31 August 2018  |  Tamsin Kingsley

I’ve known several first time parents who’ve been determined that the new baby will not change their life and lifestyle in any way. They figure out ways that they will incorporate the baby into their plans and activities once he or she arrives and agree that they will not let this tiny human being rule their life. For many, this resolution crumbles as soon as they look into their baby’s face and realise this will be their tiny dictator from now on. For others, they manage it, at least for a while. The baby sleeps quietly in the car seat while they enjoy a romantic meal out. He sits happily with a few toys watching mummy or daddy at the gym, and he takes in the sights and sounds of their foreign city break from the buggy.
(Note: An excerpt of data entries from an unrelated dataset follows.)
Lemma bracket_weight_far (q Cq eps S k : R) : 0 <= q -> q * k ^ 2 <= Cq ->
  0 <= S -> 1 <= eps * Rabs k ->
  q * bracket eps S k ^ 2 * (2 + sqrt (Rabs k)) <= Cq * ((2 + sqrt (Rabs k)) / k ^ 2).
Proof.
intros hq hqk hS hk.
pose proof (bracket_sq_le_1 eps S k hS). pose proof (pow2_ge_0 (bracket eps S k)).
assert (hk0 : k <> 0) by (intros ->; rewrite Rabs_R0, Rmult_0_r in hk; lra).
assert (hk2 : 0 < k ^ 2) by (apply pow2_gt_0; auto).
assert (hqC : q <= Cq / k ^ 2).
{ unfold Rdiv. apply Rmult_le_reg_r with (k ^ 2); auto.
  rewrite Rmult_assoc, Rinv_l by lra. lra. }
pose proof (sqrt_pos (Rabs k)).
replace (Cq * ((2 + sqrt (Rabs k)) / k ^ 2)) with (Cq / k ^ 2 * (2 + sqrt (Rabs k)))
  by (unfold Rdiv; ring).
apply Rmult_le_compat_r; [lra|]. nra.
Qed.

Lemma bracket_weight_le_majorant (q Cq eps S k : R) : 0 <= q -> q * k ^ 2 <= Cq ->
  0 <= S -> 0 < eps <= 1 ->
  q * bracket eps S k ^ 2 * (2 + sqrt (Rabs k)) <= 25 * Cq * majorant eps k.
Proof.
intros hq hqk hS he.
assert (0 <= Cq) by (pose proof (pow2_ge_0 k); nra).
destruct (Rlt_or_le (eps * Rabs k) 1) as [hk|hk].
- pose proof (bracket_weight_near q Cq eps S k hq hqk hS he hk).
  pose proof (majorant_near eps k (proj1 he) hk). nra.
- pose proof (bracket_weight_far q Cq eps S k hq hqk hS hk).
  pose proof (majorant_far eps k he hk). pose proof (majorant_ge_0 eps k (proj1 he)). nra.
Qed.

(* A Riemann integrable function is approximated from above by the step functions
   [phi_n + psi_n] that witness its integral. *)
Lemma RiemannInt_upper_StepFun (f : R -> R) (a b M : R) (pr : Riemann_integrable f a b) :
  a <= b -> RiemannInt pr <= M -> forall delta, 0 < delta ->
  exists phi : StepFun a b,
    (forall x, a <= x <= b -> f x <= phi x) /\ RiemannInt_SF phi <= M + delta.
Proof.
intros hab hM delta hd.
unfold RiemannInt in hM.
destruct (RiemannInt_exists pr RinvN RinvN_cv) as [l Hl].
assert (hd2 : 0 < delta / 2) by lra.
destruct (Hl _ hd2) as [N1 HN1].
assert (HR := RinvN_cv). unfold Un_cv in HR. destruct (HR (delta / 2) hd2) as [N2 HN2].
set (N := max N1 N2).
destruct (phi_sequence_prop RinvN pr N) as [psi [Hpsi Ipsi]].
set (phi := phi_sequence RinvN pr N) in *.
exists (mkStepFun (StepFun_P28 1 phi psi)).
split.
- intros x hx. simpl. rewrite Rmin_left, Rmax_right in Hpsi by lra.
  specialize (Hpsi x hx). pose proof (Rle_abs (f x - phi x)). lra.
- rewrite StepFun_P30.
  specialize (HN1 N ltac:(unfold N; lia)). specialize (HN2 N ltac:(unfold N; lia)).
  unfold R_dist in *. rewrite Rminus_0_r, Rabs_pos_eq in HN2 by (left; apply cond_pos).
  pose proof (Rle_abs (RiemannInt_SF psi)).
  pose proof (Rle_abs (RiemannInt_SF phi - l)). fold phi in HN1. lra.
Qed.

Lemma integral_R_le_of_majorant (g h : R -> R) (M : R) :
  (forall x, g x <= h x) ->
  (forall a b, a <= b -> exists I, is_RInt h a b I /\ I <= M) ->
  integral_R_le g M.
Proof.
intros hgh hint a b hab delta hd.
destruct (hint a b hab) as [I [HI HIM]].
assert (pr : Riemann_integrable h a b) by (apply ex_RInt_Reals_0; exists I; exact HI).
assert (HR : RiemannInt pr <= M) by (rewrite <- RInt_Reals, (is_RInt_unique _ _ _ _ HI); lra).
destruct (RiemannInt_upper_StepFun h a b M pr hab HR delta hd) as [phi [Hphi Hint]].
exists phi. split; [|exact Hint].
intros x hx. eapply Rle_trans; [apply hgh | apply Hphi, hx].
Qed.

Lemma integrand_le_majorant (nu T gamma Cq eps S k qk : R) :
  Rabs nu <= 1 -> 0 <= gamma < / 4 -> 0 <= qk -> qk * k ^ 2 <= Cq ->
  0 < eps <= 1 -> 0 <= S <= T ->
  qk * f_fn nu eps S k ^ 2 * (rpow (Rabs k) (2 * gamma) + 1)
  <= 25 * exp (2 * T) * Cq * majorant eps k.
Proof.
intros hnu hg hq hqk he hS.
pose proof (f_fn_sq_le nu eps S T k hnu hS).
pose proof (rpow_le_1_add_sqrt (Rabs k) (2 * gamma) (Rabs_pos k) ltac:(lra)).
pose proof (rpow_ge_0 (Rabs k) (2 * gamma)).
pose proof (bracket_weight_le_majorant qk Cq eps S k hq hqk (proj1 hS) he).
pose proof (exp_pos (2 * T)). pose proof (pow2_ge_0 (f_fn nu eps S k)).
pose proof (pow2_ge_0 (bracket eps S k)).
apply Rle_trans with (qk * (exp (2 * T) * bracket eps S k ^ 2) * (2 + sqrt (Rabs k))).
- apply Rmult_le_compat; [nra | lra | apply Rmult_le_compat_l; lra | lra].
- replace (qk * (exp (2 * T) * bracket eps S k ^ 2) * (2 + sqrt (Rabs k)))
    with (exp (2 * T) * (qk * bracket eps S k ^ 2 * (2 + sqrt (Rabs k)))) by ring.
  replace (25 * exp (2 * T) * Cq * majorant eps k)
    with (exp (2 * T) * (25 * Cq * majorant eps k)) by ring.
  apply Rmult_le_compat_l; lra.
Qed.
Eventually everyone cracks. You see a slow but continuous change to people’s houses and lifestyles. The toys and activities slowly spread from a play mat in the corner, to a play room or lounge, until there is not a square metre in the house where you don’t run the risk of tripping over Duplo, crayons or some small plastic character drinking pretend tea. Parents stop taking their baby/toddler out in the evenings. Food festivals and gigs are replaced with farms and well, anywhere with a play park. And suddenly Centre Parcs, with its rows of identical and somewhat mediocre chalets, yet unlimited swimming and play opportunities becomes more appealing than a cultural road trip or 6 hour plane ride with a screaming baby.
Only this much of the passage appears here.